Tuesday, September 10, 2013

HDFS 2 - Hadoop 2.x

Different points captured about the next version of HDFS - talk/meeting at Hortonworks


What high availability (HA) means in Hadoop 1.x vs 2.x

In 1.x, HA is implemented by:
- Linux HA
- Shared storage between NN instances.

In 2.x for HA you do not need a shared storage any more.
Nodes are journaled on a disk - any disk: RM, NN active, NN stand by, even DN (although not recommended).

New HDFS features:
-Write pipeline, append mode
- Ability to understand / take advantage of SSD's ; exposed at the app level.
- Removed the 400 M naming space of Hadoop 1.x in the NN, via the NN federation.
- Block management pool - will be moved to the DN in the next 2.x iteration.
- Snapshots. These will be stored in HDFS, in the same system.
- Short circuit reads : going to the local disk directly for faster response.
- Use of NFS v4 - no gateway
- n + k fail-over.
- Use of Protocol buffers (also implemented in next version of HBase). Will replace transparently Writable interface for serialization.
- Stinger / Tez initiative.

2 comments:

  1. There are lots of information about latest technology and how to get trained in them, like Hadoop training institutes in chennai have spread around the web, but this is a unique one according to me. The strategy you have updated here will make me to get trained in future technologies(Hadoop Training in Chennai).

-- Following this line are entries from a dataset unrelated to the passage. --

(* Let $G$ be a finite simple graph on the vertex set $\{1,\dots,n\}$ without cycles of length $3$. Then $E_3^{0,1}(G)=0$, $E_3^{0,2}(G)=0$ and $E_3^{1,1}(G)=0$.
   Context: Let $E$ be a complex elliptic curve, $x,y$ a basis of $H^1(E;\mathbb{Q})$ with $xy$ generating $H^2$. Let $E_2(n)$ be the quotient of the free graded-commutative algebra (for total degree) over $\mathbb{Q}$ on $x_i,y_i$ ($1\le i\le n$) of bidegree $(1,0)$ (pullbacks of $x,y$ along the $i$-th projection $E^n\to E$) and $\omega_{ij}=\omega_{ji}$ ($i\ne j$) of bidegree $(0,1)$ by the relations $(x_i-x_j)\omega_{ij}=0$, $(y_i-y_j)\omega_{ij}=0$, $\omega_{ij}\omega_{jk}+\omega_{jk}\omega_{ki}+\omega_{ki}\omega_{ij}=0$ (distinct $i,j,k$), with the derivation $d_2$ of bidegree $(2,-1)$, $d_2x_i=d_2y_i=0$, $d_2\omega_{ij}=(x_i-x_j)(y_i-y_j)$. For a graph $G$ with edge set $\mathcal{E}$, the graphic elliptic arrangement has complement $M(G)=\{P\in E^n\mid P_i\ne P_j \text{ for all } \{i,j\}\in\mathcal{E}\}$; the second page of the rational Leray spectral sequence of $M(G)\hookrightarrow E^n$ is $E_2(G)$, the sub-differential bigraded algebra of $E_2(n)$ generated by all $x_i,y_i$ and the $\omega_{ij}$ with $\{i,j\}\in\mathcal{E}$. $E_3^{p,q}(G)$ denotes the $d_2$-cohomology of $E_2(G)$ in bidegree $(p,q)$. *)

(* Concrete model of the bigraded algebra E_2(n) over Q:
   all generators x_i, y_i, omega_ij have total degree 1, so the free
   graded-commutative algebra on them is the exterior algebra, modelled
   here as Q-valued functions on finite sets of generators (basis element
   for S = ordered wedge of the generators in S, order = enum_rank). *)
From HB Require Import structures.
From mathcomp Require Import all_boot all_order all_algebra.
Set Implicit Arguments.
Unset Strict Implicit.
Unset Printing Implicit Defensive.
Import GRing.Theory.
Local Open Scope ring_scope.

(* Generators: inl (i,false) = x_i, inl (i,true) = y_i,
   inr (i,j) with i < j = omega_ij = omega_ji. *)
Definition Gen (n : nat) : finType :=
  ('I_n * bool + {p : 'I_n * 'I_n | (p.1 < p.2)%N})%type.

Notation Alg n := {ffun {set Gen n} -> rat}.

Section Ext.
Variable n : nat.
Local Notation G := (Gen n).
Local Notation A := (Alg n).

Definition ascale (c : rat) (a : A) : A := [ffun U => c * a U].

Definition grank (g : G) : nat := enum_rank g.

(* sign of reordering (wedge of S) * (wedge of T) into wedge of S :|: T *)
Definition gsign (S T : {set G}) : rat :=
  (-1) ^+ #|[set p : G * G | [&& p.1 \in S, p.2 \in T & (grank p.2 < grank p.1)%N]]|.

Definition amul (a b : A) : A :=
  [ffun U => \sum_(S : {set G}) \sum_(T : {set G})
     if [&& S :&: T == set0 & S :|: T == U] then gsign S T * a S * b T else 0].

Definition mono (S : {set G}) : A := [ffun U => (U == S)%:R].
Definition gen (g : G) : A := mono [set g].

Definition xg (i : 'I_n) : A := gen (inl (i, false)).
Definition yg (i : 'I_n) : A := gen (inl (i, true)).

Definition isW (i j : 'I_n) (g : G) : bool :=
  if g is inr p then (val p == (i, j)) || (val p == (j, i)) else false.

(* omega_ij (= omega_ji); only used for i != j *)
Definition omega (i j : 'I_n) : A := \sum_(g | isW i j g) gen g.

Definition isXY (g : G) : bool := if g is inl _ then true else false.

Definition dgen (g : G) : A :=
  match g with
  | inl _ => 0
  | inr p => amul (xg (val p).1 - xg (val p).2) (yg (val p).1 - yg (val p).2)
  end.

(* extension of d_2 as a derivation of total degree 1 (graded Leibniz rule) *)
Definition dmono (S : {set G}) : A :=
  \sum_(g in S)
    ascale ((-1) ^+ #|[set h in S | (grank h < grank g)%N]|)
     (amul (amul (mono [set h in S | (grank h < grank g)%N]) (dgen g))
           (mono [set h in S | (grank g < grank h)%N])).

Definition d2 (a : A) : A := \sum_(S : {set G}) ascale (a S) (dmono S).

Definition homog (p q : int) (a : A) : Prop :=
  forall U : {set G}, a U != 0 ->
    #|[set g in U | isXY g]|%:Z = p /\ #|[set g in U | ~~ isXY g]|%:Z = q.

Definition is_rel (r : A) : Prop :=
  (exists i j : 'I_n, i != j /\
     (r = amul (xg i - xg j) (omega i j) \/ r = amul (yg i - yg j) (omega i j)))
  \/ (exists i j k : 'I_n, [/\ i != j, j != k & k != i] /\
     r = amul (omega i j) (omega j k) + amul (omega j k) (omega k i)
         + amul (omega k i) (omega i j)).

Definition in_I (a : A) : Prop :=
  exists s : seq (A * A * A), (forall t, t \in s -> is_rel t.1.2) /\
    a = \sum_(t <- s) amul (amul t.1.1 t.1.2) t.2.

Definition allowed (e : rel 'I_n) (g : G) : bool :=
  match g with inl _ => true | inr p => e (val p).1 (val p).2 end.

(* a represents an element of E_2(G)^{p,q} (its image in E_2(n)) *)
Definition inE2 (e : rel 'I_n) (p q : int) (a : A) : Prop :=
  homog p q a /\ forall U : {set G}, a U != 0 -> U \subset [set g | allowed e g].

(* E_3^{p,q}(G) = 0: every d_2-cocycle in E_2(G)^{p,q} is d_2 of an element
   of E_2(G)^{p-2,q+1}, equalities taken in E_2(n) (i.e. modulo the ideal). *)
Definition E3_vanishes (e : rel 'I_n) (p q : int) : Prop :=
  forall a : A, inE2 e p q a -> in_I (d2 a) ->
    exists b : A, inE2 e (p - 2) (q + 1) b /\ in_I (a - d2 b).

End Ext.

(* Coefficients of the exterior algebra at a set U of generators that contains
   at most one omega_q, and no x or y at an endpoint of that omega_q, vanish on
   the ideal of relations, since every relation is supported on monomials
   outside this family.  Reading the cocycle condition d_2 a = 0 in E_2(n) at
   such test sets isolates one or two coefficients of a.  In bidegrees (0,1)
   and (0,2) this forces a = 0; in bidegree (0,2), at the test set
   omega_h x_i y_i, a second term omega_g' omega_h could only contribute
   through a triangle.  In bidegree (1,1) it shows that the coefficient of
   z_v omega_q vanishes unless v is an endpoint of q (test at x_v x_w y_u,
   where u is an endpoint of q not adjacent to v, which exists as there are
   no triangles), and that the coefficients at the two endpoints of q are
   opposite; hence a is a combination of the relations (x_k - x_l) omega_kl
   and (y_k - y_l) omega_kl.  In each case a is cohomologous to 0. *)

From mathcomp Require Import all_boot all_order all_algebra.

Set Implicit Arguments.
Unset Strict Implicit.
Unset Printing Implicit Defensive.
Import GRing.Theory.
Local Open Scope ring_scope.

Lemma set3D1l (T : finType) (x y w : T) : x != y -> x != w -> [set x; y; w] :\ x = [set y; w].
Proof.
move=> xy xw; apply/setP => g; rewrite !inE.
by case: (g =P x) => [->|_]; rewrite ?eqxx ?(negbTE xy) ?(negbTE xw).
Qed.

Lemma set3D1m (T : finType) (x y w : T) : y != x -> y != w -> [set x; y; w] :\ y = [set x; w].
Proof.
move=> yx yw; apply/setP => g; rewrite !inE.
by case: (g =P y) => [->|_]; rewrite ?eqxx ?(negbTE yx) ?(negbTE yw) ?orbF.
Qed.

Lemma set3D1r (T : finType) (x y w : T) : w != x -> w != y -> [set x; y; w] :\ w = [set x; y].
Proof.
move=> wx wy; apply/setP => g; rewrite !inE.
by case: (g =P w) => [->|_]; rewrite ?eqxx ?(negbTE wx) ?(negbTE wy) ?orbF.
Qed.

Section E2.
Variable n : nat.
Local Notation G := (Gen n).
Local Notation A := (Alg n).
Local Notation Edge := {p : 'I_n * 'I_n | (p.1 < p.2)%N}.
Local Notation xgen a := (inl (a, false) : G).
Local Notation ygen a := (inl (a, true) : G).
Local Notation wgen q := (inr q : G).

(** * Products and signs in the exterior algebra *)

Lemma grank_inl_lt_inr (u : 'I_n * bool) (q : Edge) :
  (grank (inl u : G) < grank (wgen q))%N.
Proof.
have grankE (g : G) : grank g = index g (enum G).
  rewrite /grank -{2}(nth_enum_rank g g) index_uniq ?enum_uniq //.
  by rewrite -cardE ltn_ord.
rewrite !grankE enumT unlock /= /sum_enum !index_cat.
have hu : (inl u : G) \in [seq inl x | x <- Finite.enum ('I_n * bool)%type].
  by rewrite map_f // -enumT mem_enum.
have hq : wgen q \notin [seq inl x | x <- Finite.enum ('I_n * bool)%type].
  by apply/mapP => -[].
by rewrite hu (negbTE hq) (leq_trans _ (leq_addr _ _)) // index_mem.
Qed.

Lemma eq_grank (g h : G) : (grank g == grank h) = (g == h).
Proof. by rewrite /grank -(inj_eq enum_rank_inj). Qed.

Lemma inl_eq (u v : 'I_n * bool) : (inl u == inl v :> G) = (u == v).
Proof. by apply/eqP/eqP => [[]|->]. Qed.

Lemma inr_eq (q q' : Edge) : (wgen q == wgen q') = (q == q').
Proof. by apply/eqP/eqP => [[]|->]. Qed.

Lemma disjoint_setU_eq (B T V : {set G}) :
  (B :&: T == set0) && (B :|: T == V) = (B \subset V) && (T == V :\: B).
Proof.
apply/andP/andP => [[/eqP hI /eqP hU]|[hBV /eqP ->]].
  split; first by rewrite -hU subsetUl.
  apply/eqP/setP => x; rewrite -hU !inE.
  by move/setP: hI => /(_ x); rewrite !inE; case: (x \in B) => //= ->.
split; apply/eqP/setP => x; rewrite !inE; first by case: (x \in B).
by case xB: (x \in B); rewrite //= (subsetP hBV x xB).
Qed.

Lemma amul_mono_l (B : {set G}) (c : A) V :
  amul (mono B) c V = if B \subset V then gsign B (V :\: B) * c (V :\: B) else 0.
Proof.
rewrite ffunE (bigD1 B) //= [X in _ + X]big1 => [|S SB]; last first.
  by apply: big1 => T _; rewrite ffunE (negbTE SB); case: ifP; rewrite ?mulr0 ?mul0r.
rewrite addr0; case: ifP => hBV; last by apply: big1 => T _; rewrite disjoint_setU_eq hBV.
rewrite (bigD1 (V :\: B)) //= [X in _ + X]big1 => [|T hT].
  by rewrite disjoint_setU_eq hBV eqxx /= ffunE eqxx mulr1 addr0.
by rewrite disjoint_setU_eq hBV (negbTE hT).
Qed.

Lemma amul_mono_r (c : A) (C : {set G}) V :
  amul c (mono C) V = if C \subset V then gsign (V :\: C) C * c (V :\: C) else 0.
Proof.
rewrite ffunE (eq_bigr (fun S =>
    if [&& S :&: C == set0 & S :|: C == V] then gsign S C * c S else 0)); last first.
  move=> S _; rewrite (bigD1 C) //= [X in _ + X]big1 => [|T TC].
    by rewrite addr0 ffunE eqxx mulr1.
  by rewrite ffunE (negbTE TC); case: ifP; rewrite ?mulr0.
case: ifP => hCV; last first.
  by apply: big1 => T _; rewrite setIC setUC disjoint_setU_eq hCV.
rewrite (bigD1 (V :\: C)) //= [X in _ + X]big1 => [|T hT].
  by rewrite setIC setUC disjoint_setU_eq hCV eqxx /= addr0 mulrC.
by rewrite setIC setUC disjoint_setU_eq hCV (negbTE hT).
Qed.

Lemma amulDl (a b c : A) : amul (a + b) c = amul a c + amul b c.
Proof.
apply/ffunP => U; rewrite !ffunE -big_split; apply: eq_bigr => S _.
rewrite -big_split; apply: eq_bigr => T _; case: ifP => _; rewrite ?addr0 //.
by rewrite ffunE mulrDr mulrDl.
Qed.

Lemma amulDr (a b c : A) : amul a (b + c) = amul a b + amul a c.
Proof.
apply/ffunP => U; rewrite !ffunE -big_split; apply: eq_bigr => S _.
rewrite -big_split; apply: eq_bigr => T _; case: ifP => _; rewrite ?addr0 //.
by rewrite ffunE mulrDr.
Qed.

Lemma amulNl (a c : A) : amul (- a) c = - amul a c.
Proof.
apply/ffunP => U; rewrite !ffunE -sumrN; apply: eq_bigr => S _.
rewrite -sumrN; apply: eq_bigr => T _; case: ifP => _; rewrite ?oppr0 //.
by rewrite ffunE mulrN mulNr.
Qed.

Lemma amulNr (a c : A) : amul a (- c) = - amul a c.
Proof.
apply/ffunP => U; rewrite !ffunE -sumrN; apply: eq_bigr => S _.
rewrite -sumrN; apply: eq_bigr => T _; case: ifP => _; rewrite ?oppr0 //.
by rewrite ffunE mulrN.
Qed.

Lemma amulBl (a b c : A) : amul (a - b) c = amul a c - amul b c.
Proof. by rewrite amulDl amulNl. Qed.

Lemma amulBr (a b c : A) : amul a (b - c) = amul a b - amul a c.
Proof. by rewrite amulDr amulNr. Qed.

Lemma amul0l (c : A) : amul 0 c = 0.
Proof.
apply/ffunP => U; rewrite !ffunE big1 // => S _; rewrite big1 // => T _.
by case: ifP => _ //; rewrite ffunE mulr0 mul0r.
Qed.

Lemma amul0r (c : A) : amul c 0 = 0.
Proof.
apply/ffunP => U; rewrite !ffunE big1 // => S _; rewrite big1 // => T _.
by case: ifP => _ //; rewrite ffunE mulr0.
Qed.

Lemma amulZl k (a c : A) : amul (ascale k a) c = ascale k (amul a c).
Proof.
apply/ffunP => U; rewrite !ffunE mulr_sumr; apply: eq_bigr => S _.
rewrite mulr_sumr; apply: eq_bigr => T _; case: ifP => _; rewrite ?mulr0 //.
by rewrite ffunE mulrCA !mulrA.
Qed.

Lemma amul_suml I (r : seq I) (P : pred I) (F : I -> A) c :
  amul (\sum_(i <- r | P i) F i) c = \sum_(i <- r | P i) amul (F i) c.
Proof. exact: (big_morph (fun a => amul a c) (fun a b => amulDl a b c) (amul0l c)). Qed.

Lemma amul_sumr I (r : seq I) (P : pred I) (F : I -> A) c :
  amul c (\sum_(i <- r | P i) F i) = \sum_(i <- r | P i) amul c (F i).
Proof. exact: (big_morph (fun a => amul c a) (fun a b => amulDr c a b) (amul0r c)). Qed.

Lemma coefB (f g : A) U : (f - g) U = f U - g U.
Proof. by rewrite !ffunE. Qed.

Definition inversions (S T : {set G}) :=
  [set p : G * G | [&& p.1 \in S, p.2 \in T & (grank p.2 < grank p.1)%N]].

Lemma gsignE (S T : {set G}) : gsign S T = (-1) ^+ #|inversions S T|.
Proof. by []. Qed.

Lemma gsign_ordered (S T : {set G}) :
  (forall s t, s \in S -> t \in T -> (grank s < grank t)%N) -> gsign S T = 1.
Proof.
move=> ST; rewrite gsignE.
suff -> : inversions S T = set0 by rewrite cards0 expr0.
apply/setP => -[s t]; rewrite !inE /=; apply/and3P => -[hs ht].
by rewrite ltnNge ltnW ?ST.
Qed.

Lemma gsign0l (T : {set G}) : gsign set0 T = 1.
Proof. by apply: gsign_ordered => s t; rewrite inE. Qed.

Lemma gsign0r (S : {set G}) : gsign S set0 = 1.
Proof. by apply: gsign_ordered => s t _; rewrite inE. Qed.

Lemma gsign_neq0 (S T : {set G}) : gsign S T != 0.
Proof. by rewrite signr_eq0. Qed.

Lemma gsign_set1 (g h : G) : gsign [set g] [set h] = (-1) ^+ (grank h < grank g)%N.
Proof.
rewrite gsignE; congr (_ ^+ _).
case: ltnP => hg /=; last first.
  apply/eqP; rewrite cards_eq0; apply/eqP/setP => -[s t]; rewrite !inE /=.
  by case: eqP => [->|] //=; case: eqP => [->|] //=; rewrite ltnNge hg.
rewrite -(cards1 (g, h)); apply: eq_card => -[s t].
by rewrite !inE /= xpair_eqE; case: eqP => [->|] //=; case: eqP => [->|] //=; rewrite hg.
Qed.

Lemma gsign_swap1 (g h : G) : g != h -> gsign [set g] [set h] = - gsign [set h] [set g].
Proof.
rewrite !gsign_set1 -eq_grank.
by case: ltngtP => //= _ _; rewrite ?expr1 ?expr0 ?opprK.
Qed.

By the way you are running a great blog. Thanks for sharing this.

    Big Data Hadoop Training in Chennai | Hadoop Course in Chennai

    ReplyDelete
  2. Managing a business data is not an easy thing, it is very complex process to handle the corporate information both Hadoop and cognos doing this in a easy manner with help of business software suite, thanks for sharing this useful post….
    Regards,
    cognos Training in Chennai|cognos Training Chennai|cognos Training

    ReplyDelete

Note: Only a member of this blog may post a comment.